Automatic Planning of Whole Breast Radiation Therapy Using Machine Learning Models

Yang Sheng; Taoran Li; Sua Yoo; Fang-Fang Yin; Rachel Blitzblau; Janet K Horton; Yaorong Ge; Q Jackie Wu

doi:10.3389/fonc.2019.00750

Automatic Planning of Whole Breast Radiation Therapy Using Machine Learning Models

Front Oncol. 2019 Aug 7:9:750. doi: 10.3389/fonc.2019.00750. eCollection 2019.

Authors

Yang Sheng^{1

2}, Taoran Li^{2

3}, Sua Yoo^{1

2}, Fang-Fang Yin^{1

2}, Rachel Blitzblau¹, Janet K Horton¹, Yaorong Ge⁴, Q Jackie Wu^{1

2}

Affiliations

¹ Department of Radiation Oncology, Duke University Medical Center, Durham, NC, United States.
² Medical Physics Graduate Program, Duke University Medical Center, Durham, NC, United States.
³ Department of Radiation Oncology, University of Pennsylvania, Philadelphia, PA, United States.
⁴ Department of Software and Information Systems, University of North Carolina, Charlotte, NC, United States.

Abstract

Purpose: To develop an automatic treatment planning system for whole breast radiation therapy (WBRT) based on two intensity-modulated tangential fields, enabling near-real-time planning. Methods and Materials: A total of 40 WBRT plans from a single institution were included in this study under IRB approval.
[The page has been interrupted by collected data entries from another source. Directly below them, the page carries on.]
(* Let $m\ge 1$ be an odd integer divisible by $3$. Then for every $n\in\mathbb{N}=\mathbb{Z}_{\ge 0}$, the friendship graph $F_n$ is $\mathbb{Z}_m$-cordial.
   Context: Graphs are finite, simple and undirected. For $n\in\mathbb{N}$, the friendship graph $F_n$ is the union of $n$ copies of the triangle $C_3$ joined at a single common (central) vertex (so $F_0$ is a single vertex). For an abelian group $A$ and a graph $G=(V,E)$, a vertex labeling $\ell:V\to A$ induces an edge labeling $\ell(\{v_1,v_2\})=\ell(v_1)+\ell(v_2)$. Let $f_V(a)=|\{v\in V:\ell(v)=a\}|$ and $f_E(a)=|\{e\in E:\ell(e)=a\}|$. The labeling is $A$-cordial if $|f_V(a_1)-f_V(a_2)|\le 1$ and $|f_E(a_1)-f_E(a_2)|\le 1$ for all $a_1,a_2\in A$; $G$ is $A$-cordial if it admits an $A$-cordial labeling. *)

From mathcomp Require Import all_boot all_order all_algebra.
Set Implicit Arguments. Unset Strict Implicit. Unset Printing Implicit Defensive.
Import GRing.Theory.

(* A simple graph: vertex finType V with a symmetric irreflexive relation. *)
Definition edges (V : finType) (adj : rel V) : {set {set V}} :=
  [set e : {set V} | [exists u : V, exists v : V, adj u v && (e == [set u; v])]].

Section Cordial.
Variables (A : finZmodType) (V : finType) (adj : rel V).

Definition fV (l : V -> A) (a : A) : nat := #|[set v : V | l v == a]|.

Definition fE (l : V -> A) (a : A) : nat :=
  #|[set e in edges adj | (\sum_(v in e) l v)%R == a]|.

Definition cordial_labeling (l : V -> A) : Prop :=
  forall a1 a2 : A,
    (fV l a1 <= (fV l a2).+1)%N /\ (fV l a2 <= (fV l a1).+1)%N /\
    (fE l a1 <= (fE l a2).+1)%N /\ (fE l a2 <= (fE l a1).+1)%N.

Definition is_cordial : Prop := exists l : V -> A, cordial_labeling l.
End Cordial.

(* Friendship graph F_n on vertices 0..2n: 0 is the centre, triangle i      *)
(* (i < n) is {0, 2i+1, 2i+2}.                                              *)
Definition friendship_adj (n : nat) : rel 'I_(n.*2.+1) :=
  fun u v => (u != v) &&
    [|| (val u == 0)%N, (val v == 0)%N |
        [&& (0 < val u)%N, (0 < val v)%N & ((val u).-1./2 == (val v).-1./2)%N]].

Arguments friendship_adj n : clear implicits.

Lemma friendship_adj_sym (n : nat) : symmetric (friendship_adj n).
Proof.
move=> u v; rewrite /friendship_adj eq_sym; congr (_ && _).
by case: (val u == 0)%N; case: (val v == 0)%N => //=; rewrite andbCA eq_sym.
Qed.

Lemma friendship_adj_irrefl (n : nat) : irreflexive (friendship_adj n).
Proof. by move=> u; rewrite /friendship_adj eqxx. Qed.

From mathcomp Require Import all_boot all_order all_algebra.
From mathcomp Require Import zify.
Set Implicit Arguments. Unset Strict Implicit. Unset Printing Implicit Defensive.
Import GRing.Theory.

(** Write m = 3t with t odd and n = Q m + r with r < m.  Q blocks of m
    triangles labelled (x, x), x running through a complete residue system,
    hit every residue equally often, among vertices as well as among edges
    (doubling is a bijection modulo the odd m).  For the remaining r = 2q + p
    triangles (q <= p <= q + 2) all labels are written 3h + e: the residue of
    3h + e modulo 3t is determined by e < 3 and by h modulo t, so the labeling
    is cordial once in each class e the values h are equidistributed modulo t
    and the class sizes differ by at most one.  We take p triangles
    (3h + 1, 3h + 2) with h in an interval, and q triangles each of the shapes
    (3g, 3h + 1) and (3g, 3h + 2) arranged as "ladders": their values h extend
    that interval on both sides, and the sums g + h extend it further.  The
    values g, which share class 0 with the centre's label 0, are the numbers
    2w + 1 for w in an interval missing the residue of (t - 1)/2 (the one sent
    to 0), together with either nothing or a complete residue system. *)

(** * Friendship graphs labelled triangle by triangle *)

(** A list [T] of pairs [(x_i, y_i)] stands for the labeling of the friendship
    graph on [size T] triangles with centre label 0 and leaf labels [x_i, y_i]. *)
Section TriangleLabels.
Variable M : nmodType.

Definition pair_sums (T : seq (M * M)) : seq M := [seq (p.1 + p.2)%R | p <- T].

Definition vertex_labels (T : seq (M * M)) : seq M := 0%R :: unzip1 T ++ unzip2 T.

Definition edge_labels (T : seq (M * M)) : seq M := unzip1 T ++ unzip2 T ++ pair_sums T.

Lemma perm_vertex_labels_cat (T1 T2 : seq (M * M)) :
  perm_eq (vertex_labels (T1 ++ T2)) ((unzip1 T1 ++ unzip2 T1) ++ vertex_labels T2).
Proof.
rewrite /vertex_labels /unzip1 /unzip2 !map_cat.
by apply/permP => P; rewrite /= !count_cat /= count_cat; lia.
Qed.

Lemma perm_edge_labels_cat (T1 T2 : seq (M * M)) :
  perm_eq (edge_labels (T1 ++ T2)) (edge_labels T1 ++ edge_labels T2).
Proof.
rewrite /edge_labels /unzip1 /unzip2 /pair_sums !map_cat.
by apply/permP => P; rewrite /= !count_cat; lia.
Qed.

End TriangleLabels.

Definition balanced (A : eqType) (s : seq A) :=
  forall a b : A, count_mem a s <= (count_mem b s).+1.

Lemma card_ord_count_mem (U : eqType) N (f : nat -> U) a :
  #|[set i : 'I_N | f i == a]| = count_mem a (map f (iota 0 N)).
Proof.
rewrite count_map -sum1dep_card -(big_mkord (fun i => f i == a) (fun _ => 1)).
by rewrite sum1_count /index_iota subn0.
Qed.

Lemma count_flatten_pair (S U : Type) (f g : S -> U) (P : pred U) s :
  count P (flatten [seq [:: f i; g i] | i <- s]) = count P (map f s) + count P (map g s).
Proof. by elim: s => //= i s ->; lia. Qed.

Section FriendshipLabeling.
Variables (A : finZmodType) (T : seq (A * A)).
Local Notation n := (size T).
Local Notation V := 'I_(n.*2.+1).
Local Notation x i := (nth (0, 0)%R T i).1.
Local Notation y i := (nth (0, 0)%R T i).2.

Definition friendship_labeling (k : nat) : A :=
  if k is k'.+1 then (if odd k' then y k'./2 else x k'./2) else 0%R.

Lemma map_friendship_labeling_leaves j k :
  map friendship_labeling (iota (j.*2).+1 k.*2) =
  flatten [seq [:: x i; y i] | i <- iota j k].
Proof.
elim: k j => [|k IHk] j //=.
by rewrite odd_double doubleK uphalf_double -IHk doubleS.
Qed.

Lemma map_nth_iota_size (U : Type) (f : A * A -> U) :
  [seq f (nth (0, 0)%R T i) | i <- iota 0 n] = map f T.
Proof. by rewrite -[in RHS](mkseq_nth (0, 0)%R T) /mkseq -map_comp. Qed.

Lemma fV_friendship_labeling a :
  fV (fun v : V => friendship_labeling v) a = count_mem a (vertex_labels T).
Proof.
rewrite /fV (card_ord_count_mem _ friendship_labeling) /= -[1]/(0.*2).+1.
rewrite map_friendship_labeling_leaves count_flatten_pair.
by rewrite !(map_nth_iota_size (fun p => p.1)) !(map_nth_iota_size (fun p => p.2)) count_cat.
Qed.

(** [(i, 0)] and [(i, 1)] are the spokes from the centre to [2i+1] and [2i+2],
    [(i, 2)] is the rim edge [{2i+1, 2i+2}]. *)
Definition edge_lo (e : 'I_n * 'I_3) : nat := if val e.2 == 2 then (e.1.*2).+1 else 0.
Definition edge_hi (e : 'I_n * 'I_3) : nat := (e.1.*2 + (val e.2 != 0)).+1.

Definition friendship_edge (e : 'I_n * 'I_3) : {set V} :=
  [set inord (edge_lo e); inord (edge_hi e)].

Lemma edge_lo_lt_hi e : edge_lo e < edge_hi e.
Proof. by case: e => i [[|[|[|//]]] ?]; rewrite /edge_lo /edge_hi /= -!mul2n; lia. Qed.

Lemma edge_hi_le e : edge_hi e <= n.*2.
Proof.
by case: e => [[i lt_in] k]; rewrite /edge_hi /= -!mul2n; case: (val k != 0); lia.
Qed.

Lemma mem_friendship_edge e (w : V) :
  (w \in friendship_edge e) = (val w == edge_lo e) || (val w == edge_hi e).
Proof.
have hi_le := edge_hi_le e; have lo_le := ltnW (leq_trans (edge_lo_lt_hi e) hi_le).
by rewrite !inE -!val_eqE /= !inordK.
Qed.

Lemma friendship_adj_lt_edge a b :
  a < b <= n.*2 -> (a == 0) || (0 < a) && ((a.-1)./2 == (b.-1)./2) ->
  exists e, a = edge_lo e /\ b = edge_hi e.
Proof.
move=> /andP [lt_ab le_bn] adj_ab.
have b_split := odd_double_half b.-1; set j := (b.-1)./2 in adj_ab b_split.
have lt_jn : j < n by move: b_split le_bn; rewrite -!mul2n; lia.
case/orP: adj_ab => [/eqP a0 | /andP [a_gt0 /eqP a_half]].
  exists (Ordinal lt_jn, inord (odd b.-1)).
  by rewrite /edge_lo /edge_hi /= inordK; case: (odd b.-1) b_split => /= b_split; lia.
have := odd_double_half a.-1; rewrite a_half => a_split.
exists (Ordinal lt_jn, inord 2); rewrite /edge_lo /edge_hi /= inordK //.
by case: (odd a.-1) a_split; case: (odd b.-1) b_split => /=; lia.
Qed.

Lemma edges_friendship : edges (friendship_adj n) = friendship_edge @: setT.
Proof.
apply/setP => E; rewrite inE; apply/existsP/imsetP => [[u /existsP [v]] | [e _ ->]].
  case/andP=> adj_uv /eqP ->.
  wlog lt_uv : u v adj_uv / val u < val v.
    move=> W; case: (ltngtP (val u) (val v)) => [|gt_uv|/val_inj eq_uv]; first exact: W.
      by rewrite setUC; apply: W; rewrite // friendship_adj_sym.
    by move: adj_uv; rewrite eq_uv friendship_adj_irrefl.
  have uv_range : val u < val v <= n.*2 by rewrite lt_uv -ltnS ltn_ord.
  have uv_tri : (val u == 0) || (0 < val u) && ((val u).-1./2 == (val v).-1./2).
    case/andP: adj_uv => _ /or3P [-> // | /eqP v0 | /and3P [-> _ ->]]; last by rewrite orbT.
    by rewrite v0 in lt_uv.
  have [e [lo_u hi_v]] := friendship_adj_lt_edge uv_range uv_tri.
  by exists e => //; apply/setP => w; rewrite mem_friendship_edge !inE -!val_eqE lo_u hi_v.
exists (inord (edge_lo e)); apply/existsP; exists (inord (edge_hi e)).
have hi_le := edge_hi_le e; have lo_lt := edge_lo_lt_hi e.
rewrite eqxx andbT /friendship_adj -val_eqE /= !inordK ?ltnS ?(ltnW (leq_trans lo_lt hi_le)) //.
case: e {lo_lt hi_le} => i [[|[|[|//]]] ?] //=.
rewrite /edge_lo /edge_hi /= addn1 /= doubleK uphalf_double.
by rewrite eqxx andbT; lia.
Qed.

Lemma edge_ends_inj e1 e2 : edge_lo e1 = edge_lo e2 -> edge_hi e1 = edge_hi e2 -> e1 = e2.
Proof.
case: e1 e2 => [i1 [[|[|[|//]]] ?]] [i2 [[|[|[|//]]] ?]]; rewrite /edge_lo /edge_hi /= -!mul2n.
all: by move=> *; apply/eqP; rewrite xpair_eqE -!val_eqE /=; lia.
Qed.

Lemma friendship_edge_inj : injective friendship_edge.
Proof.
move=> e1 e2 eq_e12.
have same k : k <= n.*2 ->
    (k == edge_lo e1) || (k == edge_hi e1) = (k == edge_lo e2) || (k == edge_hi e2).
  by move=> le_kn; rewrite -(inordK (n' := n.*2) le_kn) -!mem_friendship_edge eq_e12.
have lt1 := edge_lo_lt_hi e1; have lt2 := edge_lo_lt_hi e2.
have le1 := edge_hi_le e1; have le2 := edge_hi_le e2.
have := same _ (ltnW (leq_trans lt1 le1)); have := same _ le1.
have := same _ (ltnW (leq_trans lt2 le2)); have := same _ le2.
by rewrite !eqxx ?orbT => *; apply: edge_ends_inj; lia.
Qed.

Lemma sum_friendship_edge e :
  (\sum_(v in friendship_edge e) friendship_labeling v =
   friendship_labeling (edge_lo e) + friendship_labeling (edge_hi e))%R.
Proof.
have hi_le := edge_hi_le e; have lo_lt := edge_lo_lt_hi e.
have lo_le := ltnW (leq_trans lo_lt hi_le).
rewrite big_setU1 ?big_set1 /= ?inordK // inE -val_eqE /= !inordK //.
by rewrite ltn_eqF.
Qed.

Lemma friendship_edge_label i (k : 'I_3) :
  (friendship_labeling (edge_lo (i, k)) + friendship_labeling (edge_hi (i, k)) =
   nth 0 [:: x i; y i; x i + y i] k)%R.
Proof.
case: k => [[|[|[|//]]] ?]; rewrite /= ?addn0 ?addn1 /=.
all: by rewrite ?odd_double ?doubleK ?uphalf_double ?add0r.
Qed.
Twenty WBRT plans, 10 with single energy (SE, 6MV) and 10 with mixed energy (ME, 6/15MV), were randomly selected as training dataset to develop the methodology for automatic planning. The rest 10 SE cases and 10 ME cases served as validation. The auto-planning process consists of three steps. First, an energy prediction model was developed to automate energy selection. This model establishes an anatomy-energy relationship based on principle component analysis (PCA) of the gray level histograms from training cases' digitally reconstructed radiographs (DRRs). Second, a random forest (RF) model generates an initial fluence map using the selected energies. Third, the balance of overall dose contribution throughout the breast tissue is realized by automatically selecting anchor points and applying centrality correction. The proposed method was tested on the validation dataset. Non-parametric equivalence test was performed for plan quality metrics using one-sided Wilcoxon Signed-Rank test. Results: For validation, the auto-planning system suggested same energy choices as clinical-plans in 19 out of 20 cases. The mean (standard deviation, SD) of percent target volume covered by 100% prescription dose was 82.5% (4.2%) for auto-plans, and 79.3% (4.8%) for clinical-plans (p > 0.999). Mean (SD) volume receiving 105% Rx were 95.2 cc (90.7 cc) for auto-plans and 83.9 cc (87.2 cc) for clinical-plans (p = 0.108). Optimization time for auto-plan was <20 s while clinical manual planning takes between 30 min and 4 h. Conclusions: We developed an automatic treatment planning system that generates WBRT plans with optimal energy selection, clinically comparable plan quality, and significant reduction in planning time, allowing for near-real-time planning.

Keywords: auto planning; breast cancer; electronic compensation; machine learning; random forest; whole breast radiation therapy.